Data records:
= = = = =

Lemma hyperbolic_not_elliptic h : hyperbolic h -> ~ elliptic h.
Proof.
case=> c [L [cycL EL]] [c' [g Eg]].
have [m [y Ed]] := word_surj (c'^-1 * c).
set n := (size m).*2.+1.
have [N [z [sizeN EN]]] := conj_iota_word (g ^+ n) m y.
have [N' [z' [redN' leN' EN']]] := reduce_word N z.
have E : iota 1 * (word_val (flatten (nseq n L)) * iota 1) = word_val N' * iota z'.
  rewrite iota1 mul1g mulg1 word_val_pow -EL -EN' -EN -Ed (homX iotaM) -Eg.
  by rewrite -!conjXg -conjgM mulVKg.
have := reduced_size_eq (cyc_reduced_reduced (cyc_reduced_pow cycL _)) redN' E.
rewrite size_flatten_nseq => /(_ isT) EnN.
have : n <= (size m).*2.
  apply: leq_trans (leq_trans leN' sizeN); rewrite -EnN leq_pmulr //.
  by case: L cycL {EL E EnN}.
by rewrite ltnn.
Qed.

End HNN.

Theorem corollary3p4 (G : groupType) (A B : G -> Prop) (phi : G -> G)
    (H : groupType) (iota : G -> H) (t : H) :
  is_subgroup A -> is_subgroup B -> is_iso_on A B phi ->
  is_HNN_extension A phi iota t ->
  forall g1 : G, ~ proper_power g1 ->
  (proper_power (iota g1) <->
   exists (k : nat) (g2 : G), (2 <= k)%N /\ exists c : H, (iota g1) ^ c = iota (g2 ^+ k)).
Proof.
move=> sA sB iso hnn g1 _; split.
  case=> h [k [k_ge2 Eg1]].
  have [[c [g Eh]]|hyp_h] := elliptic_or_hyperbolic iso hnn h.
    by exists k, g; split=> //; exists c; rewrite Eg1 conjXg Eh (homX (iotaM hnn)).
  exfalso; apply: (hyperbolic_not_elliptic sA sB iso hnn (hyperbolicX hyp_h _)).
    by apply: leq_trans k_ge2.
  by rewrite -Eg1; exists 1, g1; rewrite conjg1.
case=> k [g2 [k_ge2 [c E]]].
exists (iota g2 ^ c^-1), k; split=> //.
by rewrite -conjXg -(homX (iotaM hnn)) -E conjgK.
Qed.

= = = = =

Prompt:
From the line holding "by rewrite -Eg1;" to the last line of the records, quote each line exactly and add nothing.

Exercise response:
  by rewrite -Eg1; exists 1, g1; rewrite conjg1.
case=> k [g2 [k_ge2 [c E]]].
exists (iota g2 ^ c^-1), k; split=> //.
by rewrite -conjXg -(homX (iotaM hnn)) -E conjgK.
Qed.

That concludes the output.